Health service chaos looms as union extends work-to-rule
HEALTH services will be seriously disrupted for the first time from next week as the country's biggest public sector union ramps up its work-to-rule protest over pay cuts.
IMPACT has instructed 30,000 health service workers to stop answering phones in a protest that will rotate from one HSE area to another.
And in a separate development it is proposing an escalation by putting forward plans for rolling work stoppages across the public sector at an ICTU meeting on March 8.
Next week's refusal to answer phones will be conducted by region, initially for half-day periods, on a rotating basis.
The scaling up of the work-to-rule will extend to entire HSE areas, including voluntary hospitals with those areas.
"In general, less than 24 hours notice will be given," according to instructions sent to union officials and seen by the Irish Independent.
Union sources insisted last night that provision would be made for emergencies.
The union represents about 15,000 secretarial and administrative staff as well as the same number of care staff.
In addition, from March 1 the existing refusal to deal with all political representations including Dail questions and Freedom of Information requests will be extended to all TDs and senators -- at present only government parties are affected by this action.
If the proposed rolling work stoppage plans are agreed with the other unions, it would cause massive problems across the public sector.

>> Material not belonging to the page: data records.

Lemma exprn_powR (a r : R) n : 0 <= a -> (a `^ r) ^+ n = a `^ (r * n%:R).
Proof. by move=> a_ge0; rewrite -powR_mulrn ?powR_ge0 // -powRrM. Qed.

Lemma exprn_sqrt (a : R) n : 0 <= a -> Num.sqrt a ^+ n = a `^ (n%:R / 2).
Proof. by move=> a_ge0; rewrite -powR12_sqrt // exprn_powR // mulrC. Qed.

Lemma exprn_1D_le_expR (d : R) n : -1 <= d -> (1 + d) ^+ n <= expR (n%:R * d).
Proof.
move=> d_ge; rewrite expRM_natl lerXn2r ?nnegrE ?expR_ge0 ?expR_ge1Dx //; lra.
Qed.

Lemma powR_sub_quarter (L : R) : 0 < L -> L * L `^ (- 4^-1) = L `^ (3 / 4).
Proof.
move=> L_gt0; rewrite -{1}(powRr1 (ltW L_gt0)) -powRD.
  by congr powR; lra.
by rewrite (gt_eqF L_gt0) implybT.
Qed.

Lemma dfact_majorant_le (l : nat) (x : R) : (0 < l)%N -> 0 <= x ->
  dfact_majorant (l%:R `^ (- 4^-1)) (Num.sqrt x) l <=
  expR (l%:R `^ (3 / 4)) * (dfact l)%:R * x `^ (l%:R / 2).
Proof.
move=> l_gt0 x_ge0; rewrite /dfact_majorant exprMn exprn_sqrt // mulrA.
rewrite [_ * (1 + _) ^+ l]mulrC ler_wpM2r ?powR_ge0 // ler_wpM2r //.
rewrite -powR_sub_quarter ?ltr0n // exprn_1D_le_expR //.
by have := powR_ge0 (l%:R : R) (- 4^-1); lra.
Qed.

Lemma sqrt_scale_ge (l n : nat) (x : R) : (0 < l)%N -> (n <= l)%N ->
  16 * l%:R `^ (3 / 2) <= x ->
  2 * n%:R <= (Num.sqrt x * l%:R `^ (- 4^-1)) ^+ 2.
Proof.
move=> l_gt0 n_le_l le_x; set L : R := l%:R.
have L_gt0 : 0 < L by rewrite ltr0n.
have x_ge0 : 0 <= x by apply: le_trans le_x; rewrite mulr_ge0 ?powR_ge0.
have split_L : 16 * L = 16 * L `^ (3 / 2) * L `^ (- 4^-1 * 2%:R).
  rewrite -mulrA -powRD ?(gt_eqF L_gt0) ?implybT //.
  by rewrite (_ : 3 / 2 + _ = 1) ?powRr1 ?(ltW L_gt0) //; lra.
have le_n : 2 * n%:R <= 16 * L.
  have : n%:R <= L by rewrite ler_nat.
  lra.
rewrite exprMn sqr_sqrtr // exprn_powR ?(ltW L_gt0) //.
by apply: le_trans le_n _; rewrite split_L ler_wpM2r ?powR_ge0.
Qed.

End PowerBounds.
Lemma rsum_indb_eq (f : nat -> R) k M : rsum (fun m => indb (m =? k)%nat * f m) M = indb (k <? M)%nat * f k.
Proof.
  induction M; simpl; [ring |]; rewrite IHM.
  destruct (Nat.eq_dec M k) as [->|Hne].
  - rewrite Nat.eqb_refl, (proj2 (Nat.ltb_ge k k)), (proj2 (Nat.ltb_lt k (S k))) by lia; simpl; ring.
  - replace (M =? k)%nat with false by (symmetry; apply Nat.eqb_neq; auto).
    replace (k <? S M)%nat with (k <? M)%nat; [simpl; ring |].
    destruct (Nat.ltb_spec k M), (Nat.ltb_spec k (S M)); auto; lia.
Qed.

Lemma rsum_involution (g : nat -> R) (sigma : nat -> nat) M :
  (forall n, sigma (sigma n) = n) -> (forall n, g n <> 0 -> (n < M)%nat /\ (sigma n < M)%nat) ->
  rsum (fun n => g (sigma n)) M = rsum g M.
Proof.
  intros Hss Hsupp.
  assert (Hpick : forall m, indb (m <? M)%nat * g m = g m).
  { intros m; destruct (Req_dec (g m) 0) as [E|E]; [rewrite E; ring |].
    rewrite (proj2 (Nat.ltb_lt m M)) by apply (Hsupp m E); simpl; ring. }
  transitivity (rsum (fun n => rsum (fun m => indb (m =? sigma n)%nat * g m) M) M).
  { apply rsum_ext; intros n _; rewrite rsum_indb_eq, Hpick; auto. }
  rewrite rsum_swap; apply rsum_ext; intros m _.
  rewrite (rsum_ext _ (fun n => indb (n =? sigma m)%nat * g m)).
  - rewrite (rsum_indb_eq (fun _ => g m)); destruct (Req_dec (g m) 0) as [E|E]; [rewrite E; ring |].
    rewrite (proj2 (Nat.ltb_lt (sigma m) M)) by apply (Hsupp m E); simpl; ring.
  - intros n _; f_equal; f_equal; apply eq_true_iff_eq; rewrite !Nat.eqb_eq.
    split; intros ->; auto.
Qed.

Lemma rsum_from (f : nat -> R) N M : (N <= M)%nat ->
  rsum (fun n => indb (N <=? n)%nat * f n) M = rsum f M - rsum f N.
Proof.
  induction 1.
  - assert (H0 : forall K, (K <= N)%nat -> rsum (fun n => indb (N <=? n)%nat * f n) K = 0).
    { induction K; intros HK; simpl; auto; rewrite IHK by lia.
      rewrite (proj2 (Nat.leb_gt N K)) by lia; simpl; ring. }
    rewrite H0; auto; ring.
  - simpl; rewrite IHle, (proj2 (Nat.leb_le N m)) by lia; simpl; ring.
Qed.

Lemma bounded_image (sigma : nat -> nat) N : exists M, forall n, (n < N)%nat -> (sigma n < M)%nat.
Proof.
  induction N as [|N [M HM]]; [exists O; lia |].
  exists (Nat.max M (S (sigma N))); intros n Hn.
  destruct (Nat.eq_dec n N) as [->|]; [lia | specialize (HM n ltac:(lia)); lia].
Qed.

Lemma rsum_odd_involution (a : nat -> R) (sigma : nat -> nat) (S : nat -> bool) M :
  (forall n, sigma (sigma n) = n) -> (forall n, a (sigma n) = - a n) ->
  (forall n, S (sigma n) = S n) -> (forall n, S n = true -> (n < M)%nat /\ (sigma n < M)%nat) ->
  rsum (fun n => indb (S n) * a n) M = 0.
Proof.
  intros Hss Has HS Hsupp; set (g := fun n => indb (S n) * a n).
  assert (Hodd : rsum (fun n => g (sigma n)) M = - rsum g M).
  { rewrite <- (Rmult_1_l (rsum g M)), Ropp_mult_distr_l, <- rsum_scal.
    apply rsum_ext; intros n _; unfold g; rewrite HS, Has; ring. }
  rewrite rsum_involution in Hodd; [lra | auto |].
  intros n Hn; apply Hsupp; unfold g, indb in Hn; destruct (S n); auto.
  exfalso; apply Hn; ring.
Qed.
(* Let $\mathcal{Y}\in\mathbb{Z}^{n_1\times\cdots\times n_d}$ be a sample from $\operatorname{TBM}(\rho,\mathcal{S},z_1,\dots,z_d)$ whose entries are sub-Poisson with dispersion parameter $\rho$. Let $1\le d'<d$ and define the aggregate tensor $\mathcal{Y}'\in\mathbb{Z}^{n_1\times\cdots\times n_{d'}}$ by $\mathcal{Y}'_{i_1\dots i_{d'}} = \sum_{i_{d'+1},\dots,i_d}\mathcal{Y}_{i_1\dots i_d}$. Then $\mathcal{Y}'$ is a sample from $\operatorname{TBM}(\rho',\mathcal{S}',z_1,\dots,z_{d'})$ with density $\rho' = n_{d'+1}\cdots n_d\,\rho$ and core tensor $$\mathcal{S}'_{j_1\dots j_{d'}} = \frac{1}{n_{d'+1}\cdots n_d}\sum_{i_{d'+1},\dots,i_d}\mathcal{S}_{j_1\dots j_{d'} z_{d'+1}(i_{d'+1})\dots z_d(i_d)},$$ and the entries of $\mathcal{Y}'$ are sub-Poisson with dispersion parameter $\rho'$.
   Context: Tensor block model: $\operatorname{TBM}(\rho,\mathcal{S},z_1,\dots,z_d)$ with dimensions $n_1,\dots,n_d$ and cluster counts $r_1,\dots,r_d$ is the law of a random tensor $\mathcal{Y}\in\mathbb{Z}^{n_1\times\cdots\times n_d}$ with independent entries and $\mathbb{E}\mathcal{Y}_{i_1\dots i_d} = \rho\,\mathcal{S}_{z_1(i_1)\dots z_d(i_d)}$, where $\rho\ge 0$, $\mathcal{S}\in[-1,1]^{r_1\times\cdots\times r_d}$, and $z_j\in[r_j]^{n_j}$ (here $[r]=\{1,\dots,r\}$). Sub-Poisson: a real integrable random variable $X$ is sub-Poisson with dispersion parameter $\rho$ if $\mathbb{E}e^{\lambda(X-\mathbb{E}X)} \le \exp\{\rho(e^{|\lambda|}-1-|\lambda|)\}$ for all $\lambda\in\mathbb{R}$ and $\mathbb{E}|X-\mathbb{E}X|\le\rho$. *)

From HB Require Import structures.
From mathcomp Require Import all_boot all_order all_algebra.
From mathcomp Require Import all_classical all_reals all_analysis.
Set Implicit Arguments. Unset Strict Implicit. Unset Printing Implicit Defensive.
Import Order.TTheory GRing.Theory Num.Theory.
Local Open Scope classical_set_scope.
Local Open Scope ring_scope.

(* Modes are 0-based: mode k : 'I_d; the index set of mode k is 'I_(n k). *)
Definition Idx (d : nat) (n : 'I_d -> nat) := {dffun forall k : 'I_d, 'I_(n k)}.

(* Cluster labels of an index i, as natural numbers (label z_k(i_k) - 1). *)
Definition labels (d : nat) (n r : 'I_d -> nat)
  (z : forall k : 'I_d, 'I_(n k) -> 'I_(r k)) (i : Idx n) : 'I_d -> nat :=
  fun k => val (z k (i k)).

Definition mutually_independent (R : realType) (dm : measure_display)
  (T : measurableType dm) (P : probability T R) (I : finType)
  (Y : I -> T -> R) : Prop :=
  forall (J : {set I}) (B : I -> set R), (forall j, measurable (B j)) ->
    P (\big[setI/setT]_(j in J) (Y j @^-1` B j)) =
    (\prod_(j in J) P (Y j @^-1` B j))%E.

Definition subPoisson (R : realType) (dm : measure_display)
  (T : measurableType dm) (P : probability T R) (X : T -> R) (rho : R) : Prop :=
  let m := fine 'E_P[X] in
  [/\ measurable_fun setT X,
      P.-integrable setT (EFin \o X),
      (forall lam : R,
         ('E_P[fun w => (expR (lam * (X w - m)))%R]
            <= (expR (rho * (expR `|lam| - 1 - `|lam|)))%:E)%E)
    & ('E_P[fun w => (`|X w - m|)%R] <= rho%:E)%E].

In the Dail yesterday, Taoiseach Brian Cowen admitted that industrial action by public sector unions was affecting the work of TDs and ministers. He said that the Government was always available to engage with its own employees and their representatives.
"However, I know that simply inviting unions in for talks without the right context or agreed agenda will not work," he said.
In a letter sent to members, IMPACT general secretary Peter McLoone says that his union "will support proposals for rolling work stoppages of limited duration across all sectors of the civil and public service. This would likely involve a programme of short stoppages at different times in different workplaces on a regional basis".
The disclosure of the stoppage proposals comes a day after SIPTU president Jack O'Connor told a Galway rally that public sector workers needed to lay out a determined programme of action right into the summer. Otherwise they would end up drifting into another budgetary assault, he said.
It also comes two days after second-level teacher unions announced they were escalating their work-to-rule from March 8, when they will refuse to take on any duties carried out by retiring assistant principals or special duties teachers.
The proposed stoppages could cause problems for teacher unions as they could mean leaving pupils unsupervised for part of the school day.
Mr McLoone made it clear that even if talks resumed, the current action would not be suspended. The union wants the restoration of pay, pension protection, abolition of the pension levy, an agreed approach to outsourcing and the implementation of pay increases under the Towards 2016 agreement.